OhNo123: If i do make the stand/canopy/sump, I'll document with pics. I have an idea about how to do the sump filter :icon_bigg

I already have the lighting for the canopy.


----------



## macnut (Mar 2, 2008)

I've been having some fun with this thing!



















Gravel and background are temporary and plastic plants for placement visualization only. Lights will mount in canopy.


----------



## deleted_user_16 (Jan 20, 2008)

nice!!!!!!!!!!!!!!!


----------



## NeonShrimp (Mar 9, 2006)

I agree, very nice. Could you please tell us what kind of lights those are? Thank you for sharing your work.


----------



## Darkblade48 (Jan 4, 2008)

Very nice so far! Do you have pictures of the tank empty? I'm curious what this "box in the middle" is.


----------



## macnut (Mar 2, 2008)

The LED lights are from Ikea, Model Name: "Lack", $25. I also have a cooler version that I'm going to modify so no canopy necessary to mount.

I'll try to take more pics when I empty the tank. You can see the blue gravel filled "box" in the first pic ohno123 posted. Its a plastic lip that extends about 1/2" above and drops 1/2" below the tank bottom-which also holds the tank to the stand. Seems kind of silly but looks kind of cool in that pic. I'll probably end up dremeling the extended lip off though.


----------



## NeonShrimp (Mar 9, 2006)

The lights look like they are enough for this tank. Thank you, I will look for the lights the next time I am in Ikea.


----------



## Austinv (Jan 8, 2008)

what kelvin rating are the lights?


----------



## NeonShrimp (Mar 9, 2006)

I just checked the box and it says 6500 K.


----------



## Sticky230 (Mar 30, 2008)

don't mean to threadjack, but would these be ok if installed inside acanopy over a 12g for supllemental lighting?

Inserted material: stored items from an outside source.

(* Let $\mu_1,\mu_2$ be compactly supported positive Borel measures on $\mathbb{C}$, both with infinite support, and suppose both $\operatorname{supp}(\mu_1)$ and $\operatorname{supp}(\mu_2)$ are polynomially convex. If $0<\lambda(\mu_1,\mu_2)\le\beta(\mu_1,\mu_2)<\infty$, then $\operatorname{supp}(\mu_1)=\operatorname{supp}(\mu_2)$.
   Context: For positive Borel measures $\mu_1,\mu_2$ on $\mathbb{C}$ with finite moments and $\mu_2$ infinitely supported, $\lambda(\mu_1,\mu_2)=\inf\{\int|p|^2d\mu_1/\int|p|^2d\mu_2 : p\in\mathbb{P}[z]\setminus\{0\}\}$ and $\beta(\mu_1,\mu_2)=\sup\{\int|p|^2d\mu_1/\int|p|^2d\mu_2 : p\in\mathbb{P}[z]\setminus\{0\}\}$ (equivalently, limits of the smallest/largest generalized eigenvalues of the $(n+1)\times(n+1)$ truncations of the moment matrix $\mathbf{M}(\mu_1)=(\int z^i\bar z^jd\mu_1)$ with respect to those of $\mathbf{M}(\mu_2)$). A compact set $K\subset\mathbb{C}$ is polynomially convex if $K=\operatorname{Pc}(K)$, where $\operatorname{Pc}(K)=\{z: |p(z)|\le\max_K|p| \ \forall p\in\mathbb{P}[z]\}$. *)

From HB Require Import structures.
From mathcomp Require Import all_boot all_order all_algebra.
From mathcomp Require Import all_classical all_reals all_analysis.
From mathcomp.real_closed Require Import complex.
Import Order.TTheory GRing.Theory Num.Theory.
Import numFieldNormedType.Exports.

Set Implicit Arguments.
Unset Strict Implicit.
Unset Printing Implicit Defensive.

Local Open Scope ring_scope.
Local Open Scope classical_set_scope.

(* The complex plane is modelled as R * R (with its product topology and
   product sigma-algebra = Borel sigma-algebra of R^2); [toC] identifies a
   point (x, y) with the complex number x + i y. *)
Definition toC (R : realType) (z : R * R) : R[i] := (z.1 +i* z.2)%C.

Definition cabs (R : realType) (w : R[i]) : R := Normc.normc w.

Definition msupp (R : realType) (mu : {measure set (R * R) -> \bar R})
  : set (R * R) :=
  [set z | forall U : set (R * R), open U -> U z -> (0 < mu U)%E].

Definition finite_moments (R : realType) (mu : {measure set (R * R) -> \bar R})
  : Prop :=
  forall n : nat, (\int[mu]_z ((cabs (toC z)) ^+ n)%:E < +oo)%E.

Definition L2sq (R : realType) (mu : {measure set (R * R) -> \bar R})
  (p : {poly R[i]}) : \bar R :=
  (\int[mu]_z ((cabs p.[toC z]) ^+ 2)%:E)%E.

(* the Rayleigh quotient  int |p|^2 dmu1 / int |p|^2 dmu2  (both integrals
   are finite real numbers under the standing assumptions) *)
Definition rquot (R : realType) (mu1 mu2 : {measure set (R * R) -> \bar R})
  (p : {poly R[i]}) : \bar R :=
  (fine (L2sq mu1 p) / fine (L2sq mu2 p))%:E.

Definition lambda_mm (R : realType) (mu1 mu2 : {measure set (R * R) -> \bar R})
  : \bar R :=
  ereal_inf [set rquot mu1 mu2 p | p in [set p : {poly R[i]} | p != 0]].

Definition beta_mm (R : realType) (mu1 mu2 : {measure set (R * R) -> \bar R})
  : \bar R :=
  ereal_sup [set rquot mu1 mu2 p | p in [set p : {poly R[i]} | p != 0]].

Definition Pc (R : realType) (K : set (R * R)) : set (R * R) :=
  [set z | forall p : {poly R[i]},
     cabs p.[toC z] <= sup [set cabs p.[toC w] | w in K]].

Definition poly_convex (R : realType) (K : set (R * R)) : Prop := Pc K = K.

From HB Require Import structures.
From mathcomp Require Import all_boot all_order all_algebra.
From mathcomp Require Import all_classical all_reals all_analysis.
From mathcomp.real_closed Require Import complex.
From mathcomp Require Import lra measurable_realfun.
Import Order.TTheory GRing.Theory Num.Theory.
Import numFieldNormedType.Exports.
Local Open Scope ring_scope.
Local Open Scope classical_set_scope.

Set Implicit Arguments.
Unset Strict Implicit.
Unset Printing Implicit Defensive.

(* Suppose z0 lies in supp mu1 but not in K = supp mu2.  Since K is
   polynomially convex, some polynomial p has |p(z0)| > S := max_K |p|; pick
   S < s < t < |p(z0)|.  The set U = {|p| > t} is an open neighbourhood of
   z0, so mu1(U) > 0 and  int |p^n|^2 dmu1 >= t^(2n) mu1(U),  whereas
   int |p^n|^2 dmu2 <= s^(2n) mu2(C).  For large n this contradicts
   int |q|^2 dmu1 <= beta int |q|^2 dmu2.  Symmetrically, the bound
   int |q|^2 dmu2 <= lambda^-1 int |q|^2 dmu1 gives supp mu2 <= supp mu1. *)

Section RationalBoxes.
Variable R : realType.
Lemma zeta_notin_E (A : {set S}) i : (0 < i < N)%N -> ~~ inE_N N A (zeta N i x y).
Proof.
case/andP=> i0 iN; apply/existsP => -[z /andP[_ /eqP zeta_xi]].
have := congr1 (fun eta : config S => eta x) zeta_xi.
have := congr1 (fun eta : config S => eta y) zeta_xi.
rewrite /= zeta_x zeta_y !ffunE; case: (eqVneq x z) => [<-|_]; last lia.
by rewrite eq_sym (negbTE xy); lia.
Qed.

Lemma sigma_zeta_xy i : (i < N)%N -> sigma x y (zeta N i x y) = zeta N i.+1 x y.
Proof.
move=> iN; rewrite /sigma zeta_x subn_gt0 iN; apply/ffunP => s; rewrite !ffunE.
case: (eqVneq s x) => [->|_]; first by rewrite (negbTE xy) /=; lia.
by case: (eqVneq s y) => /=; lia.
Qed.

Lemma sigma_zeta_yx i : (0 < i <= N)%N -> sigma y x (zeta N i x y) = zeta N i.-1 x y.
Proof.
case/andP=> i0 iN; rewrite /sigma zeta_y i0; apply/ffunP => s; rewrite !ffunE.
case: (eqVneq s x) => [->|_]; first by rewrite (negbTE xy) /=; lia.
by case: (eqVneq s y) => /=; lia.
Qed.

End TwoSiteConfigurations.

Section ProbE0AlongEdge.
Variables (R : realType) (S : finType) (r : S -> S -> R).
Hypothesis r_ge0 : forall a b, 0 <= r a b.
Variables (N : nat) (dN : R) (A : {set S}) (w x y : S).
Hypotheses (dN_gt0 : 0 < dN) (xy : x != y).
Hypotheses (r_sym : r x y = r y x) (rxy_gt0 : 0 < r x y).

Local Notation P := (probE0 N dN r A w).
Local Notation zeta i := (zeta N i x y).

Lemma zeta_off_edge_mul i (a b : S) : (a, b) != (x, y) -> (a, b) != (y, x) -> a != b ->
  (zeta i a * zeta i b = 0)%N.
Proof.
move=> ab_xy ab_yx ab.
case: (eqVneq a x) => [ax|ax].
  have bx : b != x by rewrite eq_sym -ax.
  have b_y : b != y by apply: contraNneq ab_xy => ->; rewrite ax.
  by rewrite (zeta_other _ _ bx b_y) muln0.
case: (eqVneq a y) => [ay|ay]; last by rewrite (zeta_other _ _ ax ay).
have b_y : b != y by rewrite eq_sym -ay.
have bx : b != x by apply: contraNneq ab_yx => ->; rewrite ay.
by rewrite (zeta_other _ _ bx b_y) muln0.
Qed.

Lemma rate_zeta_off_edge_le i (p : S * S) : (i <= N)%N -> p != (x, y) -> p != (y, x) ->
  rate dN r (zeta i) p.1 p.2 <= N%:R * dN * r p.1 p.2.
Proof.
case: p => a b /= iN ab_xy ab_yx; rewrite /rate.
case: ifP => ab; last by rewrite !mulr_ge0 ?ler0n // ltW.
have aN : (zeta i a <= N)%N by rewrite ffunE; case: ifP => _; [rewrite leq_subr | case: ifP].
rewrite mulrDr -natrM zeta_off_edge_mul // addr0.
by apply: ler_wpM2r => //; apply: ler_wpM2r; [exact: ltW | rewrite ler_nat].
Qed.

Lemma probE0_zeta_defect i : (0 < i < N)%N ->
  `|(N - i)%:R * (dN + i%:R) * (P (zeta i.+1) - P (zeta i))
    - i%:R * (dN + (N - i)%:R) * (P (zeta i) - P (zeta i.-1))|
  <= N%:R * dN * ((\sum_(p : S * S) r p.1 p.2) / r x y).
Proof.
move=> iN_pos; have /andP[i0 iN] := iN_pos.
set eta := zeta i.
pose E (p : S * S) := rate dN r eta p.1 p.2 * (P (sigma p.1 p.2 eta) - P eta).
have rate_xy : rate dN r eta x y = (N - i)%:R * (dN + i%:R) * r x y.
  by rewrite /rate xy zeta_x zeta_y.
have rate_yx : rate dN r eta y x = i%:R * (dN + (N - i)%:R) * r x y.
  by rewrite /rate eq_sym xy r_sym zeta_x zeta_y.
have rate_xy_gt0 : 0 < rate dN r eta x y.
  by rewrite rate_xy !mulr_gt0 ?addr_gt0 ?ltr0n ?subn_gt0.
have T0 : total_rate dN r eta != 0.
  rewrite gt_eqF // (lt_le_trans rate_xy_gt0) // /total_rate (bigD1 (x, y)) //= lerDl.
  by apply: sumr_ge0 => p _; apply: rate_ge0.
(* In [L P = 0] at [eta], the two jumps along the edge give the left-hand side. *)
have := probE0_harmonic r_ge0 w dN_gt0 (zeta_notin_E xy A iN_pos) T0; rewrite -/eta.
have yx_xy : (y, x) != (x, y) by apply: contraNneq xy => -[->].
rewrite (bigD1 (x, y)) //= (bigD1 (y, x)) //= addrA => /eqP; rewrite addr_eq0 => /eqP edge.
rewrite mulrA ler_pdivlMr // mulrC -[r x y]gtr0_norm // -normrM.
have E_xy : E (x, y) = (N - i)%:R * (dN + i%:R) * r x y * (P (zeta i.+1) - P eta).
  by rewrite -rate_xy -sigma_zeta_xy.
have E_yx : E (y, x) = i%:R * (dN + (N - i)%:R) * r x y * (P (zeta i.-1) - P eta).
  by rewrite -rate_yx -sigma_zeta_yx // i0 ltnW.
rewrite (_ : r x y * _ = E (x, y) + E (y, x)); last by rewrite E_xy E_yx; ring.
rewrite edge normrN; apply: le_trans (ler_norm_sum _ _ _) _.
rewrite mulr_sumr [X in _ <= X](bigID (fun p => (p != (x, y)) && (p != (y, x)))) /=.
rewrite -[X in X <= _]addr0; apply: lerD; last by apply: sumr_ge0 => p _; rewrite !mulr_ge0 ?ler0n // ltW.
apply: ler_sum => p /andP[p_xy p_yx]; rewrite /E normrM ger0_norm ?rate_ge0 //.
apply: le_trans (rate_zeta_off_edge_le (ltnW iN) p_xy p_yx).
by apply: ler_piMr; [exact: rate_ge0 | exact: probE0_dist_le1].
Qed.
(* Let $L$ be a BZ--lattice whose $0$ is meet--irreducible (equivalently, whose $1$ is join--irreducible). Then $L$ is an antiortholattice, i.e. $\{a\in L: a\wedge a'=0\}=\{0,1\}$ and the Brouwer complement of $L$ is the trivial one ($0^\sim=1$ and $a^\sim=0$ for all $a\in L\setminus\{0\}$). In particular, every BZ--lattice whose lattice reduct is a chain is an antiortholattice.
   Context: A pseudo--Kleene algebra is a bounded lattice with a unary operation $'$ satisfying $a''=a$, $a\leq b\Rightarrow b'\leq a'$, and $a\wedge a'\leq b\vee b'$ for all $a,b$. A BZ--lattice is an algebra $(L,\vee,\wedge,',{}^\sim,0,1)$ where $(L,\vee,\wedge,',0,1)$ is a pseudo--Kleene algebra and ${}^\sim$ (the Brouwer complement) satisfies, for all $a,b$: $a\wedge a^\sim=0$, $a\leq a^{\sim\sim}$, $a^{\sim\prime}=a^{\sim\sim}$, and $a\leq b\Rightarrow b^\sim\leq a^\sim$. ''$0$ meet--irreducible'' means $a\wedge b=0$ implies $a=0$ or $b=0$. An antiortholattice is a pseudo--Kleene algebra with $\{a: a\wedge a'=0\}=\{0,1\}$, equipped with the trivial Brouwer complement. *)

From HB Require Import structures.
From mathcomp Require Import all_boot all_order.
Set Implicit Arguments. Unset Strict Implicit. Unset Printing Implicit Defensive.
Import Order.TTheory.
Local Open Scope order_scope.

(* Pseudo-Kleene algebra on a bounded lattice L with unary operation c = ' *)
Definition pseudo_kleene (d : Order.disp_t) (L : tbLatticeType d) (c : L -> L) : Prop :=
  [/\ (forall a, c (c a) = a),
      (forall a b, a <= b -> c b <= c a) &
      (forall a b, a `&` c a <= b `|` c b)].

(* BZ-lattice: pseudo-Kleene algebra with a Brouwer complement bz = ~ *)
Definition BZ_lattice (d : Order.disp_t) (L : tbLatticeType d) (c bz : L -> L) : Prop :=
  [/\ pseudo_kleene c,
      (forall a, a `&` bz a = \bot),
      (forall a, a <= bz (bz a)),
      (forall a, c (bz a) = bz (bz a)) &
      (forall a b, a <= b -> bz b <= bz a)].

Definition zero_meet_irreducible (d : Order.disp_t) (L : tbLatticeType d) : Prop :=
  forall a b : L, a `&` b = \bot -> a = \bot \/ b = \bot.

Definition antiortholattice (d : Order.disp_t) (L : tbLatticeType d) (c bz : L -> L) : Prop :=
  [/\ pseudo_kleene c,
      (forall a : L, a `&` c a = \bot <-> (a = \bot \/ a = \top)),
      bz \bot = \top &
      (forall a : L, a <> \bot -> bz a = \bot)].

Definition is_chain (d : Order.disp_t) (L : tbLatticeType d) : Prop :=
  forall a b : L, a <= b \/ b <= a.

From HB Require Import structures.
From mathcomp Require Import all_boot all_order.
Set Implicit Arguments. Unset Strict Implicit. Unset Printing Implicit Defensive.
Import Order.TTheory.
Local Open Scope order_scope.

(* In every BZ-lattice 1~ = 1 ∧ 1~ = 0, hence 0~ ≥ 1~~ ≥ 1. If 0 is
   meet-irreducible, the identity a ∧ a~ = 0 forces a~ = 0 for a ≠ 0, and
   a ∧ a' = 0 forces a = 0 or a' = 0, i.e. a = 1. In a chain, a ∧ b is a or b,
   so 0 is meet-irreducible. *)

Section PseudoKleene.

Variables (d : Order.disp_t) (L : tbLatticeType d) (c : L -> L).
Hypothesis pkL : pseudo_kleene c.

Lemma pk_compl_bot : c \bot = \top.
Proof.
case: pkL => cK c_anti _; apply/eqP; rewrite eq_le lex1 /=.
by rewrite -{1}(cK \top); apply: c_anti; rewrite le0x.
Qed.

Lemma pk_compl_top : c \top = \bot.
Proof. by case: pkL => cK _ _; rewrite -pk_compl_bot cK. Qed.

Lemma pk_meet_compl_eq0 :
  zero_meet_irreducible L ->
  forall a, a `&` c a = \bot <-> a = \bot \/ a = \top.
Proof.
case: pkL => cK _ _ zi a; split.
- by case/zi=> [|ca0]; [left | right; rewrite -(cK a) ca0 pk_compl_bot].
- by case=> ->; rewrite ?meet0x // pk_compl_top meetx0.
Qed.

End PseudoKleene.

Section BZLattice.

Variables (d : Order.disp_t) (L : tbLatticeType d) (c bz : L -> L).
Hypothesis bzL : BZ_lattice c bz.

Lemma bz_top : bz \top = \bot.
Proof. by case: bzL => _ bz_meet _ _ _; rewrite -(bz_meet \top) meet1x. Qed.

Lemma bz_bot : bz \bot = \top.
Proof.
case: bzL => _ _ bzbz _ _; apply/eqP; rewrite eq_le lex1 /=.
by rewrite -bz_top bzbz.
Qed.

Lemma bz_eq0 :
  zero_meet_irreducible L -> forall a, a <> \bot -> bz a = \bot.
Proof. by case: bzL => _ bz_meet _ _ _ zi a a0; case: (zi _ _ (bz_meet a)). Qed.

End BZLattice.

Lemma chain_zero_meet_irreducible (d : Order.disp_t) (L : tbLatticeType d) :
  is_chain L -> zero_meet_irreducible L.
Proof.
move=> chL a b; case: (chL a b) => [/meet_idPl -> | /meet_idPr ->] ab0;
  by [left | right].
Qed.

Lemma BZ_zero_meet_irreducible_antiortholattice
    (d : Order.disp_t) (L : tbLatticeType d) (c bz : L -> L) :
  BZ_lattice c bz -> zero_meet_irreducible L -> antiortholattice c bz.
Proof.
move=> bzL zi; have [pkL _ _ _ _] := bzL.
split=> //.
- exact: pk_meet_compl_eq0 pkL zi.
- exact: bz_bot bzL.
- exact: bz_eq0 bzL zi.
Qed.

Theorem lemma3p3 :
  (forall (d : Order.disp_t) (L : tbLatticeType d) (c bz : L -> L),
      BZ_lattice c bz -> zero_meet_irreducible L -> antiortholattice c bz) /\
  (forall (d : Order.disp_t) (L : tbLatticeType d) (c bz : L -> L),
      BZ_lattice c bz -> is_chain L -> antiortholattice c bz).
Proof.
split; first exact: BZ_zero_meet_irreducible_antiortholattice.
move=> d L c bz bzL /chain_zero_meet_irreducible.
exact: BZ_zero_meet_irreducible_antiortholattice.
Qed.
(* Consider the scheduling policy SIS with a transmission oracle in $TO_h$ and proactive hearing control $P$. Let $v$ be a node and $p$ a packet in its queue. Then during every $h$ consecutive rounds within the time interval from the arrival of $p$ at $v$ until $p$ is transmitted from $v$, node $v$ transmits at least one packet having priority higher than that of $p$.
   Context: Multi-hop radio network model: a network is a simple graph with $n$ nodes; time is divided into synchronous rounds. Packets are injected by an adversary, each with its complete path fixed at injection. Each node keeps a single, unbounded queue of packets to be forwarded. In each round a node transmits at most one message; a node $w$ hears a message of a neighbor $u$ in a round iff $u$ is the only neighbor of $w$ transmitting in that round. When $v$ transmits a packet whose next node on its path is $w$ and $w$ hears it, the packet leaves $v$ and is absorbed at $w$ or appended to $w$'s queue. A transmission oracle tells each node in each round whether to transmit. Proactive hearing control $P$: in a round in which the oracle tells $v$ to transmit, $v$ first learns which neighbors would hear its transmission, and the scheduling policy selects a packet among the queued packets whose next node is one of these neighbors (if any), which is then transmitted and heard. A directed link $(u,w)$ is up in a round if a packet transmitted by $u$ to $w$ in that round would be heard by $w$; $TO_h$ is the class of transmission oracles under which every link is up at least once in every $h$ consecutive rounds. Scheduling policy SIS (Shortest-In-System) gives priority to the packet that has been in the system for the shortest time, ties broken arbitrarily at each round; ''packet $p$ has priority over $q$'' means the policy prefers $p$ to $q$. *)

From mathcomp Require Import all_boot.
Set Implicit Arguments. Unset Strict Implicit. Unset Printing Implicit Defensive.

Section Radio.
Variables (V : finType) (adj : rel V).

Definition simple_graph := symmetric adj /\ irreflexive adj.

(* transmission oracle: in round t, node u is told to transmit iff [oracle t u] *)
Definition oracle_t := nat -> V -> bool.

Definition link_up (oracle : oracle_t) (t : nat) (u w : V) : bool :=
  [&& adj u w, oracle t u &
      [forall u', (oracle t u' && adj u' w) ==> (u' == u)]].

Definition TO (h : nat) (oracle : oracle_t) : Prop :=
  forall (u w : V) (t : nat), adj u w -> exists2 s, t <= s < t + h & link_up oracle s u w.

Variable (P : eqType) (inj : P -> nat) (pth : P -> seq V).

Definition valid_paths : Prop :=
  forall p, exists x s, pth p = x :: s /\ path adj x s.

(* [loc t p = Some i]: at the beginning of round t, packet p is in the system
   and located at the i-th node of its path (if i is the last index, p has been
   absorbed at its destination).  [loc t p = None]: not yet injected. *)

Definition queued (loc : nat -> P -> option nat) (t : nat) (v : V) (p : P) (i : nat) : Prop :=
  [/\ loc t p = Some i, i.+1 < size (pth p) & nth v (pth p) i = v].

Definition next_node (v : V) (p : P) (i : nat) : V := nth v (pth p) i.+1.

(* A valid execution under oracle [oracle], proactive hearing control P and
   scheduling policy SIS.  [sent t v = Some p] iff v transmits packet p in round t
   (and it is then heard by the next node of p). *)
Definition SIS_P_execution (oracle : oracle_t) (loc : nat -> P -> option nat)
    (sent : nat -> V -> option P) : Prop :=
  (forall p t, t < inj p -> loc t p = None) /\
  (forall p, loc (inj p) p = Some 0) /\
  (forall p t i, loc t p = Some i ->
     loc t.+1 p = if [exists u, sent t u == Some p] then Some i.+1 else Some i) /\
  (* proactive hearing control: only transmit when told, a queued packet whose
     next node hears the transmission *)
  (forall t v p, sent t v = Some p ->
     oracle t v /\ exists i, queued loc t v p i /\ link_up oracle t v (next_node v p i)) /\
  (* if told to transmit and some eligible packet exists, the policy selects one;
     SIS: the selected packet has been in the system the shortest time, i.e. has
     the latest injection round among eligible packets (ties arbitrary) *)
  (forall t v, oracle t v ->
     (exists p i, queued loc t v p i /\ link_up oracle t v (next_node v p i)) ->
     exists p, sent t v = Some p /\
       forall q i, queued loc t v q i -> link_up oracle t v (next_node v q i) ->
         inj q <= inj p).

End Radio.

From mathcomp Require Import all_boot.

Set Implicit Arguments.
Unset Strict Implicit.
Unset Printing Implicit Defensive.

(** While [p] waits at [v], the link from [v] to the next node of [p] comes up
    within every [h] rounds.  In such a round [v] is told to transmit and [p]
    is eligible, so proactive hearing control makes [v] transmit some eligible
    packet; by SIS its injection round is at least that of [p], and it is not
    [p] itself since [p] has not left [v] yet. *)

Section SISExecution.

Variables (V : finType) (adj : rel V) (P : eqType) (inj : P -> nat)
  (pth : P -> seq V) (oracle : oracle_t V)
  (loc : nat -> P -> option nat) (sent : nat -> V -> option P).

Lemma next_node_adj (v : V) (p : P) (i : nat) :
  valid_paths adj pth -> i.+1 < size (pth p) ->
  adj (nth v (pth p) i) (next_node pth v p i).
Proof.
move=> /(_ p) [x [s [Ep /(pathP x) Hpath]]] lt_i; rewrite /next_node Ep in lt_i *.
by rewrite (set_nth_default x v (ltnW lt_i)) (set_nth_default x v lt_i) Hpath.
Qed.

Hypothesis sent_queued : forall t u q, sent t u = Some q ->
  oracle t u /\ exists i, queued pth loc t u q i /\ link_up adj oracle t u (next_node pth u q i).

Lemma sender_of_queued (t : nat) (u v : V) (p : P) (i : nat) :
  sent t u = Some p -> queued pth loc t v p i -> u = v.
Proof.
move=> /sent_queued [_ [j [[locj lt_j nth_j] _]]] [loci lt_i nth_i].
move: locj; rewrite loci => -[Eij]; subst j.
by rewrite -nth_j (set_nth_default v u (ltnW lt_j)) nth_i.
Qed.

Hypothesis loc_step : forall q t i, loc t q = Some i ->
  loc t.+1 q = if [exists u, sent t u == Some q] then Some i.+1 else Some i.

Lemma queued_until_sent (v : V) (p : P) (i ta te : nat) :
  queued pth loc ta v p i ->
  (forall s, ta <= s < te -> sent s v <> Some p) ->
  forall s, ta <= s <= te -> queued pth loc s v p i.
Proof.
move=> Hq not_sent s /andP[le_ta_s]; rewrite -(subnKC le_ta_s).
elim: (s - ta) => [|k IHk] le_k; first by rewrite addn0.
have lt_k : ta + k < te by rewrite -addnS.
have [locq lt_i nth_i] := IHk (ltnW lt_k).
split=> //; rewrite addnS (loc_step locq).
case: existsP => // -[u /eqP sent_u].
have Euv := sender_of_queued sent_u (IHk (ltnW lt_k)); subst u.
by case: (not_sent (ta + k)) => //; rewrite leq_addr.
Qed.

End SISExecution.

Theorem lemma2 (V : finType) (adj : rel V) (P : eqType) (inj : P -> nat)
    (pth : P -> seq V) (h : nat) (oracle : nat -> V -> bool)
    (loc : nat -> P -> option nat) (sent : nat -> V -> option P) :
  simple_graph adj ->
  valid_paths adj pth ->
  TO adj h oracle ->
  SIS_P_execution adj inj pth oracle loc sent ->
  forall (v : V) (p : P) (i ta : nat),
    (* p arrives at (is in the queue of) v at round ta *)
    queued pth loc ta v p i ->
    (* every h consecutive rounds t, ..., t+h-1 after the arrival during which
       p has not yet been transmitted from v (i.e. lying within the interval from
       the arrival of p at v until p is transmitted from v, if ever) *)
    forall t, ta <= t ->
    (forall s, ta <= s < t + h -> sent s v <> Some p) ->
      exists2 s, t <= s < t + h &
        exists q, [/\ sent s v = Some q, q != p & inj p <= inj q].
Proof.
move=> _ paths_ok oracle_TO [_ [_ [loc_step [sent_queued SIS]]]] v p i ta Hq t le_ta_t not_sent.
have [lt_i nth_i] : i.+1 < size (pth p) /\ nth v (pth p) i = v by case: Hq.
have link_adj : adj v (next_node pth v p i).
  by rewrite -[X in adj X]nth_i; apply: next_node_adj.
have [s /andP[le_t_s lt_s] link_s] := oracle_TO _ _ t link_adj.
have le_ta_s : ta <= s by apply: leq_trans le_t_s.
have Hq_s : queued pth loc s v p i.
  by apply: (queued_until_sent sent_queued loc_step Hq not_sent); rewrite le_ta_s ltnW.
have [||q [sent_q max_q]] := SIS s v; first by case/and3P: link_s.
  by exists p, i.
exists s; first by rewrite le_t_s.
exists q; split=> //; last exact: max_q Hq_s link_s.
by apply/eqP => Eqp; apply: (not_sent s); rewrite ?le_ta_s // -Eqp.
Qed.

http://www.ikea.com/us/en/catalog/products/10128381

keep up updated on the nano!


----------



## macnut (Mar 2, 2008)

Sticky230 said:


> don't mean to threadjack, but would these be ok if installed inside acanopy over a 12g for supllemental lighting?
> 
> http://www.ikea.com/us/en/catalog/products/10128381
> 
> keep up updated on the nano!


I would never use halogens in a canopy for a nano tank... They get way too hot. Look for LED solutions for supplemental canopy lighting or use the desk lamp halogens that can be arranged high above the tank w/no canopy.

In fact I had those lights you linked and the plastic housing melted from the heat... swedish engineering at it's finest :icon_lol:


----------



## Sticky230 (Mar 30, 2008)

thanks for the heads up. i'll stick low tech. 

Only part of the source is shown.